What you have to do: Where the records below show a line containing "k _ => A i j k", start copying; end with the line containing "i _ _ _ => uvert i.+1", and copy it too.

Record set:

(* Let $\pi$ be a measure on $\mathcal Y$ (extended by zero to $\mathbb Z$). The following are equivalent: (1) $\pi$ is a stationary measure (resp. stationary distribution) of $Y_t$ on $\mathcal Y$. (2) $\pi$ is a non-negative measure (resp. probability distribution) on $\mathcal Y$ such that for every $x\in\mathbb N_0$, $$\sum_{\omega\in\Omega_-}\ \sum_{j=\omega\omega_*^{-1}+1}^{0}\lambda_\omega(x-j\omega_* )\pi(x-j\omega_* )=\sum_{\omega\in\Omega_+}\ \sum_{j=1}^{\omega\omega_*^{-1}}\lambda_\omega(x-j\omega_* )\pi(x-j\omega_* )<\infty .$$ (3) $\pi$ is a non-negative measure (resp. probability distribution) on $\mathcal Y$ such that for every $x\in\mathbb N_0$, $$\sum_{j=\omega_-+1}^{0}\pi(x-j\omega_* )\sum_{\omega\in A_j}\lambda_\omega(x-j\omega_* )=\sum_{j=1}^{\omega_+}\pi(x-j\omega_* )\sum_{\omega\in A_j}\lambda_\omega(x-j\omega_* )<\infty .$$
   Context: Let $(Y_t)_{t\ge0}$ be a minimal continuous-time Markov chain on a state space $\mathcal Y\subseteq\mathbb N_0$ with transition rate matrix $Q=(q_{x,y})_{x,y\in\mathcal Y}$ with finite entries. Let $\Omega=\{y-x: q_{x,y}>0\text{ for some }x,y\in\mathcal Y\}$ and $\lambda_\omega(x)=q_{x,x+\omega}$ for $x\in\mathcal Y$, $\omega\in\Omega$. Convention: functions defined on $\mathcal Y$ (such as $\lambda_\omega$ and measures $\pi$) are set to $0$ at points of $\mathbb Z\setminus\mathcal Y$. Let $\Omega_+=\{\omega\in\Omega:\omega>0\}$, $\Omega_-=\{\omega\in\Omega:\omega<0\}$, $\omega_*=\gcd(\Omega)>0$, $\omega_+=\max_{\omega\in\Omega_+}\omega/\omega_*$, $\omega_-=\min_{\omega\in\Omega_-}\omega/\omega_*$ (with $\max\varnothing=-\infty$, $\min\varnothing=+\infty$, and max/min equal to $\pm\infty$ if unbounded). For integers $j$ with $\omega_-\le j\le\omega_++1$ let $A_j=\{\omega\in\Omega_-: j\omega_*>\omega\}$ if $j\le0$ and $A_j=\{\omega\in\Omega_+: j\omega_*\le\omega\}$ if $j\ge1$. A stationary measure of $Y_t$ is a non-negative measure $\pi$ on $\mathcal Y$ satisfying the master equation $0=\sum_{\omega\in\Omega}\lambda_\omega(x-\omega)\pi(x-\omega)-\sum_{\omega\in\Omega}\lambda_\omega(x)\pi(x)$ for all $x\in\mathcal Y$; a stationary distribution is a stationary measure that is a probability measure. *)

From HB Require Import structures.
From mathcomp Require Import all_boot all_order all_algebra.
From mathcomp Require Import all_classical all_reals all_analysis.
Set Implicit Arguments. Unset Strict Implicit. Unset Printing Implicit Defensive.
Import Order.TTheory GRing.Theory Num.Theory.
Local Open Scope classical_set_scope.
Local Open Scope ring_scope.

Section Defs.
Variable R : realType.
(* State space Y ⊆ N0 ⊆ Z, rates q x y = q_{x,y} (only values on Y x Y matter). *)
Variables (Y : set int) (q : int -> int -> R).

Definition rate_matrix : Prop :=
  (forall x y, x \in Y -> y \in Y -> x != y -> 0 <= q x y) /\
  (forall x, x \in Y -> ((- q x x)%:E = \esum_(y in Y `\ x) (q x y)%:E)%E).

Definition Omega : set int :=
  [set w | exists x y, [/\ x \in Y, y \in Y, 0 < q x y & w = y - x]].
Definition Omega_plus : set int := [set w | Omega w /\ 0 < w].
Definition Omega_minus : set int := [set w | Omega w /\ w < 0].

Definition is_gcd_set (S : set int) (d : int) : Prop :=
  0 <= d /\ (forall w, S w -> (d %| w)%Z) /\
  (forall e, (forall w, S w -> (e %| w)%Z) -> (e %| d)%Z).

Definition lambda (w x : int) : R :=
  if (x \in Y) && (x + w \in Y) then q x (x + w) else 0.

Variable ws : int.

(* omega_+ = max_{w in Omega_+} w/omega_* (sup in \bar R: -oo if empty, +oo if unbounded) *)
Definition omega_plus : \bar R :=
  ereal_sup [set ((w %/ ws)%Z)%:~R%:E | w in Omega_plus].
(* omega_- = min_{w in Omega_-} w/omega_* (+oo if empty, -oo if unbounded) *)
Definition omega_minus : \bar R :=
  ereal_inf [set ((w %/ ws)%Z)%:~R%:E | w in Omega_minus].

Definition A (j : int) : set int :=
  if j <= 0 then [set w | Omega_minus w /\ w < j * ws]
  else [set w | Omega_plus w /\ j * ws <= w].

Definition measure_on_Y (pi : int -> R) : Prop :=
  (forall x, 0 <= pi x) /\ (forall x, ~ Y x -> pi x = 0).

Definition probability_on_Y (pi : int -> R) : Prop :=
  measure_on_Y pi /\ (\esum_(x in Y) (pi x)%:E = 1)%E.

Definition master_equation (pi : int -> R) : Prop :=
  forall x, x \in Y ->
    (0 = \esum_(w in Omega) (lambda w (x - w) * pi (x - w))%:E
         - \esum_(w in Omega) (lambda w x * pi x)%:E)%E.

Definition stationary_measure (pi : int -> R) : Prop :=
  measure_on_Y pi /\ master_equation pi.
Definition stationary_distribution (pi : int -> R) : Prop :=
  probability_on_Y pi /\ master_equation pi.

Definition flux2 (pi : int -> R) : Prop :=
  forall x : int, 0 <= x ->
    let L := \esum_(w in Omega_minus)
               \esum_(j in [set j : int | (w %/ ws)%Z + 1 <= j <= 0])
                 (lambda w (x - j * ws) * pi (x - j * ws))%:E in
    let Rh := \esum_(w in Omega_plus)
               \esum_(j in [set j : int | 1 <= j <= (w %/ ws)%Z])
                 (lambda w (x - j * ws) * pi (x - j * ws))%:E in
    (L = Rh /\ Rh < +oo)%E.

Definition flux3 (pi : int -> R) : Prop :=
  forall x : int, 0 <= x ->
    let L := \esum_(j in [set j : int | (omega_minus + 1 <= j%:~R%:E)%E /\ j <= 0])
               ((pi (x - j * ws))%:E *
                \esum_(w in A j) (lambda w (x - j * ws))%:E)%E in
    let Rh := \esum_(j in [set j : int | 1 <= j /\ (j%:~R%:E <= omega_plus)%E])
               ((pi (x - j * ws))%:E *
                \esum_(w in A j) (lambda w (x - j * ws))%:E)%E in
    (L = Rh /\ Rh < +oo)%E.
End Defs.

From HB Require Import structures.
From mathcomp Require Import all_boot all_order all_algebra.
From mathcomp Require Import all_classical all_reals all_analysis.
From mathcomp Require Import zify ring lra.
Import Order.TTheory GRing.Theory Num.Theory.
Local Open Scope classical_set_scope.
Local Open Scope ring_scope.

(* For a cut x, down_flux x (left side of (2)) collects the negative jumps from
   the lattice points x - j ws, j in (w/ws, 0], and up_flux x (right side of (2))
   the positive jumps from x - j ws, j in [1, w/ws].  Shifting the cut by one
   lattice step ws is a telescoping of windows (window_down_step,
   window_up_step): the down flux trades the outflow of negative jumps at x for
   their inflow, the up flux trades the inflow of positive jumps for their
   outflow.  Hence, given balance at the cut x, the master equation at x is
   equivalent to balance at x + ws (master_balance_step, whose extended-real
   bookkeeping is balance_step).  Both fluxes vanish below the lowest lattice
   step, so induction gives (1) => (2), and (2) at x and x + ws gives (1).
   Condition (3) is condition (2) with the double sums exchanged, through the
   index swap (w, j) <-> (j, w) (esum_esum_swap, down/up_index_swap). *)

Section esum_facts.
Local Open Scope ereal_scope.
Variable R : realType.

--

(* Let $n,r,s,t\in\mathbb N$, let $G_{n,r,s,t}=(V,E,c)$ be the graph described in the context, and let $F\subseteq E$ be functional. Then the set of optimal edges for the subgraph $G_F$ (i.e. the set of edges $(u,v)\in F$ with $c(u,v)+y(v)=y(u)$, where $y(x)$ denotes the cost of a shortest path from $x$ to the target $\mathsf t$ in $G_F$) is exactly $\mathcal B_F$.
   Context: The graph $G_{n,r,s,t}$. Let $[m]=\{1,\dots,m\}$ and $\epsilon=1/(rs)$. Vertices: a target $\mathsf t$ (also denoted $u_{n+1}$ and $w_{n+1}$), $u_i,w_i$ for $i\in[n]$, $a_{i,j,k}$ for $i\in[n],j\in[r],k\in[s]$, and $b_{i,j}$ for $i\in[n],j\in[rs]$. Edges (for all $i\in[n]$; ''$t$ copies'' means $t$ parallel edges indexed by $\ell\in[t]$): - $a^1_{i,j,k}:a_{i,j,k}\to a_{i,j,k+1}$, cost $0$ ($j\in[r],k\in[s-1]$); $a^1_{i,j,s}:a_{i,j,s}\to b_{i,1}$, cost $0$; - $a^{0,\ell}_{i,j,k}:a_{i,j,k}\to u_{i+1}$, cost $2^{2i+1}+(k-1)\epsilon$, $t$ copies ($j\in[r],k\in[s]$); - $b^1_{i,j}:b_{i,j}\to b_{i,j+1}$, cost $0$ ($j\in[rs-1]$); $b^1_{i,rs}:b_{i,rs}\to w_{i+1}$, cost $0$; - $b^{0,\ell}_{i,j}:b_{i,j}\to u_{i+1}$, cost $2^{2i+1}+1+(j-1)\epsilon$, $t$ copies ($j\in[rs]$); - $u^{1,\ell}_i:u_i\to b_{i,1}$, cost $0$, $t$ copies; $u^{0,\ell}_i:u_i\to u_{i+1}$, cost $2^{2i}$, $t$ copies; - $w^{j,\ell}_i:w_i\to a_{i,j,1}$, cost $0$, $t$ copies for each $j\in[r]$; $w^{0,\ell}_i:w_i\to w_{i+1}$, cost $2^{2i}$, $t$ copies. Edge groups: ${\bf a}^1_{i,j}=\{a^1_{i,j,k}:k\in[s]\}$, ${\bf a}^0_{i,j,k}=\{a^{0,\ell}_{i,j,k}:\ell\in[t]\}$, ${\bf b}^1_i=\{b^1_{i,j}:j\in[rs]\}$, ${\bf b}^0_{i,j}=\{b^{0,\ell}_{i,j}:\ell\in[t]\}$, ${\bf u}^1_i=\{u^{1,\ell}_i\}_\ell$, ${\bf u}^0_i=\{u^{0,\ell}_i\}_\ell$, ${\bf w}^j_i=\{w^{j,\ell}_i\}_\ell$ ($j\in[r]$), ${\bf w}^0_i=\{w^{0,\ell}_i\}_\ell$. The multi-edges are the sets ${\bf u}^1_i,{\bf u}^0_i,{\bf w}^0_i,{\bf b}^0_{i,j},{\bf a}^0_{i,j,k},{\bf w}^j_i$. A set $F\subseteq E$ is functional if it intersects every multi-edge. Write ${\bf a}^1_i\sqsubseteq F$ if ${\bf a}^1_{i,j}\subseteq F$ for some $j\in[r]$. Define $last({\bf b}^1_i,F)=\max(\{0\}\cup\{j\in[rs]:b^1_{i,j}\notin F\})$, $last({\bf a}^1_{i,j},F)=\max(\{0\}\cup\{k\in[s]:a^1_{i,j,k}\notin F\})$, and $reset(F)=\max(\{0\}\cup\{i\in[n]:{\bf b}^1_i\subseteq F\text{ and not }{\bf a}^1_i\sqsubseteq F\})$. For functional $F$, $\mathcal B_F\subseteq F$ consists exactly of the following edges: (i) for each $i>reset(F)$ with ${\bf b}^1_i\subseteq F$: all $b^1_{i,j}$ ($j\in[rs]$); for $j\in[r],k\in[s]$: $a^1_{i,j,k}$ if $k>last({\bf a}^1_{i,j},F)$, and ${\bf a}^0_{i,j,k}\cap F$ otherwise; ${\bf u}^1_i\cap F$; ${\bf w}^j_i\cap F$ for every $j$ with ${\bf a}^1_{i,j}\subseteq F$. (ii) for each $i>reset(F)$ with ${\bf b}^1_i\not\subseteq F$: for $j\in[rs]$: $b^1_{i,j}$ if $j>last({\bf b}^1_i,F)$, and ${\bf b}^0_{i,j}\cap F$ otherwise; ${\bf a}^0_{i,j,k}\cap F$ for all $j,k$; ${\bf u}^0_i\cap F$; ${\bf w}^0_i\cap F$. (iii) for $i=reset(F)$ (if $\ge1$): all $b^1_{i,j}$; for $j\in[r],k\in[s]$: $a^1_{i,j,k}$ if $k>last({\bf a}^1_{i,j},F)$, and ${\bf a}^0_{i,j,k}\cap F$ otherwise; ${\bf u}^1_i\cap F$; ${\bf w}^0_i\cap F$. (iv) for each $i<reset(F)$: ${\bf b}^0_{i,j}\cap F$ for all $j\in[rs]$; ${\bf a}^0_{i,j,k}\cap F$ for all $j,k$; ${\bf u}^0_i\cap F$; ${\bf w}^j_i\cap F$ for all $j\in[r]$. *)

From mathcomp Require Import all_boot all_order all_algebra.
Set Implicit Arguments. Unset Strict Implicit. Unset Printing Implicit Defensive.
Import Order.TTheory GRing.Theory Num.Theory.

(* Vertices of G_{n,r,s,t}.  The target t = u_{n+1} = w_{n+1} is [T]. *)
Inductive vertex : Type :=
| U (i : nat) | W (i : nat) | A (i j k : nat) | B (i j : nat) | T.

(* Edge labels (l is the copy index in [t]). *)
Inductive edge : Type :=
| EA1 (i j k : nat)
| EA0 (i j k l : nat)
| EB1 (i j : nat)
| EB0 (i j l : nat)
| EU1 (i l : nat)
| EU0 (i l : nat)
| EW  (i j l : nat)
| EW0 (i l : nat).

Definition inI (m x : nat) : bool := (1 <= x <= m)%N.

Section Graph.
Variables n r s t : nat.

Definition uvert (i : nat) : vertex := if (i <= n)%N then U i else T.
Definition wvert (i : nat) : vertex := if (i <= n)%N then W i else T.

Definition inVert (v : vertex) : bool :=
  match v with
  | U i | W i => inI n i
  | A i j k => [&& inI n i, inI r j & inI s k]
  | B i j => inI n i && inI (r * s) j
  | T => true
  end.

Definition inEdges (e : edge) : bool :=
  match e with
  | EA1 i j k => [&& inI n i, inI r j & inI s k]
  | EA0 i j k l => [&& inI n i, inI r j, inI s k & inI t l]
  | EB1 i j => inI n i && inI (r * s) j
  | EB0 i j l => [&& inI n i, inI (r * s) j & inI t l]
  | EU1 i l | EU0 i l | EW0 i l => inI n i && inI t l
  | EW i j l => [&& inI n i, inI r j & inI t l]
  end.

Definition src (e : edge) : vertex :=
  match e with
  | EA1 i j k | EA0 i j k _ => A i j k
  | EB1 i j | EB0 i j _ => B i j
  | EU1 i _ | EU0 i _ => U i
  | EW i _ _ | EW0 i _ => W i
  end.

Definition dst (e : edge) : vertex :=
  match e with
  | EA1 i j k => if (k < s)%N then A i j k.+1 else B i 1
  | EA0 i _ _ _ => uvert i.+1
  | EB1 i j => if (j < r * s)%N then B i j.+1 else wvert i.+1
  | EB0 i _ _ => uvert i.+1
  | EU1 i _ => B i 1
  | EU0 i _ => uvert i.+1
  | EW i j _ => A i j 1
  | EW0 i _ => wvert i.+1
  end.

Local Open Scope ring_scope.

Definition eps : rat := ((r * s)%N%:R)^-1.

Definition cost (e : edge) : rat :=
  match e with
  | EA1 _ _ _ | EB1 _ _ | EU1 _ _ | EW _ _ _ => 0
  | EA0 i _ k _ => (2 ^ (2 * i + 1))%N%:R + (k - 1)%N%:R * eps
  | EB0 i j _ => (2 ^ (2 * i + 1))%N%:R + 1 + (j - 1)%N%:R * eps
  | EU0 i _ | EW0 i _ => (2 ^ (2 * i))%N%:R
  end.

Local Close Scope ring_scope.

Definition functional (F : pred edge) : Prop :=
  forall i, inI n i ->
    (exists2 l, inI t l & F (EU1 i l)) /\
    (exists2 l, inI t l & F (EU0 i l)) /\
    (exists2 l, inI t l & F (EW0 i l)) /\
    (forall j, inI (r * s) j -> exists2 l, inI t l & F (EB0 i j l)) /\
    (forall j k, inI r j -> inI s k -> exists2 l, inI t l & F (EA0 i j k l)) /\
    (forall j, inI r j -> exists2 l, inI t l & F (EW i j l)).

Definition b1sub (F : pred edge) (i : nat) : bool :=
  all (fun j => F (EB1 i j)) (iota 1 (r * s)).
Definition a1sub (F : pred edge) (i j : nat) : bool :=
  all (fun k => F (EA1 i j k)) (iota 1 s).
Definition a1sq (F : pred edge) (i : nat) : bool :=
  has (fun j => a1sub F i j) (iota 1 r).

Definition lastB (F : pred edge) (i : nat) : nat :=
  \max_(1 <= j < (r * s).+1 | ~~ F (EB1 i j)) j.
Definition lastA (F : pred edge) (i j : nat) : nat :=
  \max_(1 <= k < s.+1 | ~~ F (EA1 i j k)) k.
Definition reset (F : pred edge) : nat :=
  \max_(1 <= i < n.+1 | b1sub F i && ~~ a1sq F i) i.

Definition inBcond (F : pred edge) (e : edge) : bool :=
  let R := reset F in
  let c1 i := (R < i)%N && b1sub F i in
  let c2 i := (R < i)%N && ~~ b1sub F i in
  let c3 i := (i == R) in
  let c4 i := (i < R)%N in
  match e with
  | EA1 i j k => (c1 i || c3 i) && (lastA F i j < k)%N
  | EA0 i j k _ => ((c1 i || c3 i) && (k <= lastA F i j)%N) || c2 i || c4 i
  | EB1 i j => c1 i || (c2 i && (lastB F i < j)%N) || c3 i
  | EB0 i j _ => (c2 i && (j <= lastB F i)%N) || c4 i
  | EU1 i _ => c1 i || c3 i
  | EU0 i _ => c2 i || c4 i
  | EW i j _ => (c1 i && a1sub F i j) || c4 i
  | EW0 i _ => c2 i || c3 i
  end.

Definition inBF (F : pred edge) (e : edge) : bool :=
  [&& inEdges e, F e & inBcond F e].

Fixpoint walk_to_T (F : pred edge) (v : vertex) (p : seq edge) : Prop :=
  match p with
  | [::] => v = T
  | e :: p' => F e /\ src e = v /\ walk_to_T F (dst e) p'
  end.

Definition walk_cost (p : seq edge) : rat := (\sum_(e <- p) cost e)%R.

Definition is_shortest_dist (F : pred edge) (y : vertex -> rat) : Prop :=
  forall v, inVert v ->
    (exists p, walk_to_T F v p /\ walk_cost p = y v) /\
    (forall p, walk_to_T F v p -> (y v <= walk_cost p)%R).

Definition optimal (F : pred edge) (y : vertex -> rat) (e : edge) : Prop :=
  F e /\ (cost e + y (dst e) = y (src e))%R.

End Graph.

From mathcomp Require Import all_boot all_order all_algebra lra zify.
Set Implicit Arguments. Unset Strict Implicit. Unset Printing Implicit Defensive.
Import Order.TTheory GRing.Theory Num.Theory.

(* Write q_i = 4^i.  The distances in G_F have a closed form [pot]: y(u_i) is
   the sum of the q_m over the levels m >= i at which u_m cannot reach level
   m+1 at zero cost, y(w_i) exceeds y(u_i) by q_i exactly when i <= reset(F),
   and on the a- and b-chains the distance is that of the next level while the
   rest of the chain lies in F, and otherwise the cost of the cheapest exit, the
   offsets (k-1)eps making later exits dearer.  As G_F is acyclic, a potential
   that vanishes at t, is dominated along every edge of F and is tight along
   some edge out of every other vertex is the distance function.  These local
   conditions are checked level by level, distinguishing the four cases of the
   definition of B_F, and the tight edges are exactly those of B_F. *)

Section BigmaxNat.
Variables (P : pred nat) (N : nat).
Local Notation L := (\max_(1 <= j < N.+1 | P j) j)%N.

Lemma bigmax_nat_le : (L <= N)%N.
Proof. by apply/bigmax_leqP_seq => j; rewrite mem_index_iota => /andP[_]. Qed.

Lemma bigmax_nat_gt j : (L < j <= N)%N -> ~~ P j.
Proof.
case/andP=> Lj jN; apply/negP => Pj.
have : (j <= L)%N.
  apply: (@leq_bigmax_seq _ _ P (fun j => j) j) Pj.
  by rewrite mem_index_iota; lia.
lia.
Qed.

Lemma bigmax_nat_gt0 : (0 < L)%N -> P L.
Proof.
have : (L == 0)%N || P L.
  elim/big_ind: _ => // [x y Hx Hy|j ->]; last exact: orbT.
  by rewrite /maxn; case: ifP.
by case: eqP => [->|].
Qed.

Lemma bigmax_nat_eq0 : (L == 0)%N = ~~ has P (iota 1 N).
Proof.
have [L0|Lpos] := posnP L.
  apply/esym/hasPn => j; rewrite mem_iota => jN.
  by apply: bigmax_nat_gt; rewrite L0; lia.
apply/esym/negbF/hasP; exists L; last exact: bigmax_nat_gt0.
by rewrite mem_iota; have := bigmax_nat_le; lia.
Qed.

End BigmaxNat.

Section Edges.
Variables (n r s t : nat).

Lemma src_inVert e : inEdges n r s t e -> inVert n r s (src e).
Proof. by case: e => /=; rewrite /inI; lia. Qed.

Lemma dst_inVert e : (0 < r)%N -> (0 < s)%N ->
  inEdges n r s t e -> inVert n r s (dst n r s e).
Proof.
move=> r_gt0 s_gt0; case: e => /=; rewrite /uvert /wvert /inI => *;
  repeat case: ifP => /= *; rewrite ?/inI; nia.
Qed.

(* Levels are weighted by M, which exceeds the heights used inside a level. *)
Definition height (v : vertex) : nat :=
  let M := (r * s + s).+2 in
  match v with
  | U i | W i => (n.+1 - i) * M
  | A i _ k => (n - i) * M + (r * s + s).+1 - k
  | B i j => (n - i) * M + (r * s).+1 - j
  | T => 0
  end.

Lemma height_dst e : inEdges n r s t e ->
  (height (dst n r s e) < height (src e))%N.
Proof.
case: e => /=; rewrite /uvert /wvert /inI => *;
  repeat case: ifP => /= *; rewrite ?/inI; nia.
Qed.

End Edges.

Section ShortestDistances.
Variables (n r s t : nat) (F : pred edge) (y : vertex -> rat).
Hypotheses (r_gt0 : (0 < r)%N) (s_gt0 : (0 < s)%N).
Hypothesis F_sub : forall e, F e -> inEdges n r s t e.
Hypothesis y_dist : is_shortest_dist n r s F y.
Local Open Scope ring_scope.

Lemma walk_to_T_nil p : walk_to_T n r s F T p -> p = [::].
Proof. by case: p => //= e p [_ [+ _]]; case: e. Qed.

* * *

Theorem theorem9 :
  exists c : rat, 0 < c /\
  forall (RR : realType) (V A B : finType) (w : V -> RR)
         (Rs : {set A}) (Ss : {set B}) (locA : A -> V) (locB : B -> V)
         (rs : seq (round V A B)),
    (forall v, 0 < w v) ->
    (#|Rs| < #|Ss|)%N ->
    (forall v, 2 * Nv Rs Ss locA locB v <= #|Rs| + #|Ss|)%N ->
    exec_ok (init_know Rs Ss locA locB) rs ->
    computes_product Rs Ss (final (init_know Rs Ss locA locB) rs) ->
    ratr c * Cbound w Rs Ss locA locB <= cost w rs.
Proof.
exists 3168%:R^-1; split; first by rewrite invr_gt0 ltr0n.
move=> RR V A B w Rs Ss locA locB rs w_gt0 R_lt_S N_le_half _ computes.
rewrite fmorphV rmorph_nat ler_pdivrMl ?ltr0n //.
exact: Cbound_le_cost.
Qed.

Reply to the task:
  | EA1 i j k | EA0 i j k _ => A i j k
  | EB1 i j | EB0 i j _ => B i j
  | EU1 i _ | EU0 i _ => U i
  | EW i _ _ | EW0 i _ => W i
  end.

Definition dst (e : edge) : vertex :=
  match e with
  | EA1 i j k => if (k < s)%N then A i j k.+1 else B i 1
  | EA0 i _ _ _ => uvert i.+1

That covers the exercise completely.